:: Exercise aim ::
Reproduce the records below exactly, but only between the lines holding "by rewrite [in" and "Hypotheses (B_gt0 : 0", inclusive.

::: Task inputs :::

Lemma has_usum_sqnormP (H : Hilbert R) (A : I -> Prop) (F : I -> H) (s : H) :
  has_usum A F s <->
  forall eps : R, 0 < eps -> exists s0 : seq I,
    uniq s0 /\ (forall k, k \in s0 -> A k) /\
    forall s1 : seq I, uniq s1 -> (forall k, k \in s1 -> A k) ->
      {subset s0 <= s1} -> sqnorm (\sum_(k <- s1) F k - s) < eps.
Proof.
split=> [hF eps eps0 | hF e e0].
  have [|s0 [us0 [As0 hs0]]] := hF (Num.sqrt eps)%:C; first by rewrite ltcR sqrtr_gt0.
  exists s0; split=> //; split=> // s1 us1 As1 s01.
  by have := hs0 s1 us1 As1 s01; rewrite hnorm_lt ?ltcR ?sqrtr_gt0 //= sqr_sqrtr // ltW.
have [|s0 [us0 [As0 hs0]]] := hF (complex.Re e ^+ 2).
  by rewrite exprn_gt0 // -ltcR RRe_real ?gtr0_real.
by exists s0; split=> //; split=> // s1 us1 As1 s01; rewrite hnorm_lt // hs0.
Qed.

Lemma eq_has_usum (H : Hilbert R) (A : I -> Prop) (F G : I -> H) (s : H) :
  (forall k, A k -> F k = G k) -> has_usum A F s -> has_usum A G s.
Proof.
move=> FG hF e e0; have [s0 [us0 [As0 hs0]]] := hF e e0.
exists s0; split=> //; split=> // s1 us1 As1 s01.
have -> : \sum_(k <- s1) G k = \sum_(k <- s1) F k.
  by apply: eq_big_seq => k /As1 /FG.
exact: hs0.
Qed.

Lemma has_usum_sqnorm_le (H : Hilbert R) (A : I -> Prop) (F : I -> H) (s : H) (C : R) :
  (forall d : R, 0 < d -> d <= 1 -> exists s0 : seq I,
    uniq s0 /\ (forall k, k \in s0 -> A k) /\
    forall s1 : seq I, uniq s1 -> (forall k, k \in s1 -> A k) ->
      {subset s0 <= s1} -> sqnorm (\sum_(k <- s1) F k - s) <= C * d) ->
  has_usum A F s.
Proof.
move=> hF; apply/has_usum_sqnormP => eps eps0.
have C1_gt0 : 0 < `|C| + 1 by rewrite ltr_pwDr.
pose d := Num.min 1 (eps / (`|C| + 1)).
have d_gt0 : 0 < d by rewrite lt_min ltr01 divr_gt0.
have dC : C * d < eps.
  apply: le_lt_trans (_ : C * d <= `|C| * d) _; first by apply: ler_wpM2r; [exact: ltW | exact: ler_norm].
  apply: lt_le_trans (_ : `|C| * d < (`|C| + 1) * d) _; first by rewrite ltr_pM2r // ltrDl.
  by rewrite mulrC -ler_pdivlMr // ge_min lexx orbT.
have d_le1 : d <= 1 by rewrite ge_min lexx.
have [s0 [us0 [As0 hs0]]] := hF d d_gt0 d_le1.
exists s0; split=> //; split=> // s1 us1 As1 s01.
exact: le_lt_trans (hs0 s1 us1 As1 s01) dC.
Qed.

Definition finsum_le (A : I -> Prop) (c : I -> R) (B : R) : Prop :=
  forall s : seq I, uniq s -> (forall k, k \in s -> A k) -> \sum_(k <- s) c k <= B.

Lemma finsum_le_ge0 (A : I -> Prop) (c : I -> R) (B : R) :
  finsum_le A c B -> 0 <= B.
Proof. by move=> hB; have := hB [::]; rewrite big_nil; apply. Qed.

(* The finite sums of [c] have a supremum; a finite sum close to it leaves
   little room for the sums over disjoint index sets. *)
Lemma finsum_le_tail (A : I -> Prop) (c : I -> R) (B : R) :
  finsum_le A c B -> forall eps : R, 0 < eps -> exists s0 : seq I,
    [/\ uniq s0, forall k, k \in s0 -> A k &
        finsum_le (fun k => A k /\ k \notin s0) c eps].
Proof.
move=> hB eps eps0.
pose E : set R := fun x => exists s, [/\ uniq s, forall k, k \in s -> A k &
                                         x = \sum_(k <- s) c k].
have supE : has_sup E.
  split; first by exists 0, [::]; rewrite big_nil.
  by exists B => _ [s [us As ->]]; apply: hB.
have [_ [s0 [us0 As0 ->]] lt_s0] := sup_adherent eps0 supE.
exists s0; split=> // s us As.
have : E (\sum_(k <- s0 ++ s) c k).
  exists (s0 ++ s); split=> //.
    by rewrite cat_uniq us0 us andbT; apply/hasPn => k /As [].
  by move=> k; rewrite mem_cat => /orP[/As0|/As []].
by move/(sup_upper_bound supE); rewrite big_cat /=; lra.
Qed.

End UnconditionalSums.

Lemma sum_nat_delta (S : pzSemiRingType) n (F : nat -> S) m : (m < n)%N ->
  \sum_(0 <= k < n) (m == k)%:R * F k = F m.
Proof.
move=> mn; rewrite (bigD1_seq m) ?mem_index_iota ?iota_uniq //= eqxx mul1r.
by rewrite big1 ?addr0 // => k /negbTE; rewrite eq_sym => ->; rewrite mul0r.
Qed.

Section GramSchmidt.
Variables (R : realType) (K : Hilbert R).
Implicit Types (f : nat -> K) (e y z : K).

Definition orthonormal n f : Prop :=
  forall m l, (m < n)%N -> (l < n)%N -> hip (f m) (f l) = (m == l)%:R.

Definition orth_expand n f y : K := \sum_(0 <= m < n) hip y (f m) *: f m.

Lemma hip_orthonormal_sum n f (al be : nat -> R[i]) : orthonormal n f ->
  hip (\sum_(0 <= m < n) al m *: f m) (\sum_(0 <= l < n) be l *: f l)
  = \sum_(0 <= m < n) al m * conjc (be m).
Proof.
move=> onf; rewrite hip_suml; apply: eq_big_nat => m /andP[_ mn].
rewrite hipZl hip_sumr; congr (_ * _).
have /= <- := sum_nat_delta (fun l => conjc (be l)) mn.
by apply: eq_big_nat => l /andP[_ ln]; rewrite hipZr onf // mulrC.
Qed.

Lemma hip_orth_expand_l n f z e : (forall m, (m < n)%N -> hip (f m) e = 0) ->
  hip (orth_expand n f z) e = 0.
Proof.
move=> fe; rewrite hip_suml big_nat big1 // => m /andP[_ /fe].
by rewrite hipZl => ->; rewrite mulr0.
Qed.

Lemma hip_sub_orth_expand n f y m : orthonormal n f -> (m < n)%N ->
  hip (f m) (y - orth_expand n f y) = 0.
Proof.
move=> onf mn; rewrite hipBr hip_sumr; apply/eqP; rewrite subr_eq0; apply/eqP.
rewrite hipC; have /= <- := sum_nat_delta (fun k => conjc (hip y (f k))) mn.
by apply: eq_big_nat => k /andP[_ kn]; rewrite hipZr onf // mulrC.
Qed.

Lemma orthonormal_extend n f e : orthonormal n f ->
  (forall m, (m < n)%N -> hip (f m) e = 0) -> hip e e = 1 ->
  orthonormal n.+1 (fun m => if m == n then e else f m).
Proof.
move=> onf fe ee m l; rewrite !ltnS => hm hl.
have [mE|mn] := eqVneq m n; have [lE|ln] := eqVneq l n; rewrite ?mE ?lE ?eqxx.
- exact: ee.
- have ln' : (l < n)%N by rewrite ltn_neqAle ln hl.
  by rewrite hipC fe // conjc0 eq_sym ltn_eqF.
- have mn' : (m < n)%N by rewrite ltn_neqAle mn hm.
  by rewrite fe // ltn_eqF.
- by rewrite onf // ltn_neqAle ?mn ?ln.
Qed.

Lemma orth_expand_extend n f e z :
  orth_expand n.+1 (fun m => if m == n then e else f m) z =
  orth_expand n f z + hip z e *: e.
Proof.
rewrite /orth_expand big_nat_recr //= eqxx; congr (_ + _).
by apply: eq_big_nat => m /andP[_ mn]; rewrite ltn_eqF.
Qed.

Lemma gram_schmidt (ys : seq K) : exists n f, orthonormal n f /\
  forall y, y \in ys -> y = orth_expand n f y.
Proof.
elim: ys => [|y ys [n [f [onf ys_f]]]]; first by exists 0%N, (fun _ => 0).
pose r := y - orth_expand n f y.
have fr m : (m < n)%N -> hip (f m) r = 0 by apply: hip_sub_orth_expand.
have [r0|rn0] := eqVneq r 0.
  exists n, f; split=> // z; rewrite in_cons => /predU1P[->|/ys_f //].
  by apply/eqP; rewrite -subr_eq0 -/r r0.
have nr0 : 0 < Num.sqrt (sqnorm r).
  rewrite sqrtr_gt0 lt_def sqnorm_ge0 andbT.
  by apply: contra rn0 => /eqP /sqnorm_eq0 ->.
pose e := ((Num.sqrt (sqnorm r))^-1)%:C *: r.
have fe m : (m < n)%N -> hip (f m) e = 0 by move=> mn; rewrite hipZr fr ?mulr0.
have ee : hip e e = 1.
  by rewrite hipxx sqnormZ_real exprVn sqr_sqrtr ?sqnorm_ge0 ?mulVf ?gt_eqF // -sqrtr_gt0.
exists n.+1, (fun m => if m == n then e else f m).
split; first exact: orthonormal_extend.
move=> z; rewrite orth_expand_extend in_cons => /predU1P[->|/ys_f z_f].
  have -> : hip y e = (Num.sqrt (sqnorm r))%:C.
    rewrite -{1}[y](subrK (orth_expand n f y)) -/r hipDl hip_orth_expand_l // addr0.
    rewrite hipZr_real hipxx -rmorphM -{2}(sqr_sqrtr (sqnorm_ge0 r)) expr2.
    by rewrite mulKf // gt_eqF.
  by rewrite /e scalerA -rmorphM mulfV ?gt_eqF // scale1r /r addrC subrK.
by rewrite [in hip z e]z_f hip_orth_expand_l // scale0r addr0.
Qed.

End GramSchmidt.

Definition bessel_bound (R : realType) (H : Hilbert R) (I : eqType) (A : I -> Prop)
    (Hi : I -> Hilbert R) (Tm : forall i, H -> Hi i) (B : R) : Prop :=
  forall x : H, finsum_le A (fun i => sqnorm (Tm i x)) (B * sqnorm x).

Section Synthesis.
Variables (R : realType) (H : Hilbert R) (I : eqType) (A : I -> Prop).
Variables (Hi : I -> Hilbert R) (Tm : forall i, H -> Hi i) (B : R).
Hypotheses (B_gt0 : 0 < B) (besselT : bessel_bound A Tm B).

(* [a i] plays the role of [Tm i^* (u i)]: this is the norm bound of the
   synthesis operator of a Bessel family. *)
Lemma sqnorm_synthesis_le (a : I -> H) (u : forall i, Hi i) (s : seq I) :
  uniq s -> (forall i, i \in s -> A i) ->
  (forall i, i \in s -> forall x, hip (a i) x = hip (u i) (Tm i x)) ->
  sqnorm (\sum_(i <- s) a i) <= B * \sum_(i <- s) sqnorm (u i).
Proof.
move=> us As adj; set w := \sum_(i <- s) a i.
have w_u : sqnorm w = \sum_(i <- s) complex.Re (hip (u i) (Tm i w)).
  by rewrite {1}/sqnorm {1}/w hip_suml raddf_sum; apply: eq_big_seq => i /adj ->.
have : 2 * sqnorm w <= \sum_(i <- s) (B * sqnorm (u i) + sqnorm (Tm i w) / B).
  by rewrite w_u mulr_sumr; apply: ler_sum => i _; apply: Re_hip_le_scaled.
have : (\sum_(i <- s) sqnorm (Tm i w)) / B <= sqnorm w.
  by rewrite ler_pdivrMr // mulrC; apply: besselT.
rewrite big_split /= -mulr_sumr -mulr_suml; lra.
Qed.

End Synthesis.

Section Tensor.
Variables (R : realType) (H K T : Hilbert R) (tens : H -> K -> T).
Hypothesis tensT : is_tensor tens.
Implicit Types (a : R[i]) (f : H) (g : K).

Lemma tensDZl a f f' g : tens (a *: f + f') g = a *: tens f g + tens f' g.
Proof. by case: tensT. Qed.

Lemma tensDZr a f g g' : tens f (a *: g + g') = a *: tens f g + tens f g'.
Proof. by case: tensT. Qed.

Lemma hip_tens f f' g g' : hip (tens f g) (tens f' g') = hip f f' * hip g g'.
Proof. by case: tensT. Qed.

Lemma tens0l g : tens 0 g = 0.
Proof.
have := tensDZl 1 0 0 g; rewrite scaler0 addr0 scale1r => h.
by apply: (addrI (tens 0 g)); rewrite addr0 -h.
Qed.

Lemma tens0r f : tens f 0 = 0.
Proof.
have := tensDZr 1 f 0 0; rewrite scaler0 addr0 scale1r => h.
by apply: (addrI (tens f 0)); rewrite addr0 -h.
Qed.

Lemma tensDl f f' g : tens (f + f') g = tens f g + tens f' g.
Proof. by rewrite -[f]scale1r tensDZl !scale1r. Qed.

Lemma tensDr f g g' : tens f (g + g') = tens f g + tens f g'.
Proof. by rewrite -[g]scale1r tensDZr !scale1r. Qed.

Lemma tensZl a f g : tens (a *: f) g = a *: tens f g.
Proof. by rewrite -[a *: f]addr0 tensDZl tens0l addr0. Qed.

Lemma tensZr a f g : tens f (a *: g) = a *: tens f g.
Proof. by rewrite -[a *: g]addr0 tensDZr tens0r addr0. Qed.

Lemma tensBl f f' g : tens (f - f') g = tens f g - tens f' g.
Proof. by rewrite tensDl -scaleN1r tensZl scaleN1r. Qed.

Lemma tensBr f g g' : tens f (g - g') = tens f g - tens f g'.
Proof. by rewrite tensDr -scaleN1r tensZr scaleN1r. Qed.

Lemma tens_suml (I : Type) (s : seq I) (F : I -> H) g :
  tens (\sum_(k <- s) F k) g = \sum_(k <- s) tens (F k) g.
Proof. by elim: s => [|k s IH]; rewrite ?big_nil ?tens0l // !big_cons tensDl IH. Qed.

Lemma tens_sumr (I : Type) (s : seq I) (F : I -> K) f :
  tens f (\sum_(k <- s) F k) = \sum_(k <- s) tens f (F k).
Proof. by elim: s => [|k s IH]; rewrite ?big_nil ?tens0r // !big_cons tensDr IH. Qed.

Lemma sqnorm_tens f g : sqnorm (tens f g) = sqnorm f * sqnorm g.
Proof. by rewrite /sqnorm hip_tens !hipxx -rmorphM. Qed.

Lemma sqnorm_tens_orthonormal n (e : nat -> K) (x : nat -> H) : orthonormal n e ->
  sqnorm (\sum_(0 <= m < n) tens (x m) (e m)) = \sum_(0 <= m < n) sqnorm (x m).
Proof.
move=> one; rewrite /sqnorm hip_suml raddf_sum; apply: eq_big_nat => m /andP[_ mn].
rewrite hip_sumr (eq_big_nat _ _ (F2 := fun l => (m == l)%:R * hip (x m) (x l))).
  by rewrite sum_nat_delta.
by move=> l /andP[_ ln]; rewrite hip_tens one // mulrC.
Qed.

Lemma sqnorm_tens_sub_le f f' g g' :
  sqnorm (tens f g - tens f' g') <=
  2 * (sqnorm (f - f') * sqnorm g) + 2 * (sqnorm f' * sqnorm (g - g')).
Proof.
have -> : tens f g - tens f' g' = tens (f - f') g + tens f' (g - g').
  by rewrite tensBl tensBr addrA subrK.
by rewrite -!sqnorm_tens sqnormD_le.
Qed.

Lemma sqnorm_tens_sub_small f f' g g' (d : R) :
  d <= 1 -> sqnorm (f - f') <= d -> sqnorm (g - g') <= d ->
  sqnorm (tens f g - tens f' g') <= d * (4 + 4 * sqnorm g' + 2 * sqnorm f').
Proof.
move=> d1 ff' gg'; have := sqnorm_tens_sub_le f f' g g'.
have g_le : sqnorm g <= 2 + 2 * sqnorm g'.
  by have := sqnormD_le (g - g') g'; rewrite subrK; lra.
have : sqnorm (f - f') * sqnorm g <= d * (2 + 2 * sqnorm g').
  by apply: ler_pM; rewrite ?sqnorm_ge0.
have : sqnorm f' * sqnorm (g - g') <= sqnorm f' * d.
  by apply: ler_wpM2l; rewrite ?sqnorm_ge0.
lra.
Qed.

:::

:: The answer ::
by rewrite [in hip z e]z_f hip_orth_expand_l // scale0r addr0.
Qed.

End GramSchmidt.

Definition bessel_bound (R : realType) (H : Hilbert R) (I : eqType) (A : I -> Prop)
    (Hi : I -> Hilbert R) (Tm : forall i, H -> Hi i) (B : R) : Prop :=
  forall x : H, finsum_le A (fun i => sqnorm (Tm i x)) (B * sqnorm x).

Section Synthesis.
Variables (R : realType) (H : Hilbert R) (I : eqType) (A : I -> Prop).
Variables (Hi : I -> Hilbert R) (Tm : forall i, H -> Hi i) (B : R).
Hypotheses (B_gt0 : 0 < B) (besselT : bessel_bound A Tm B).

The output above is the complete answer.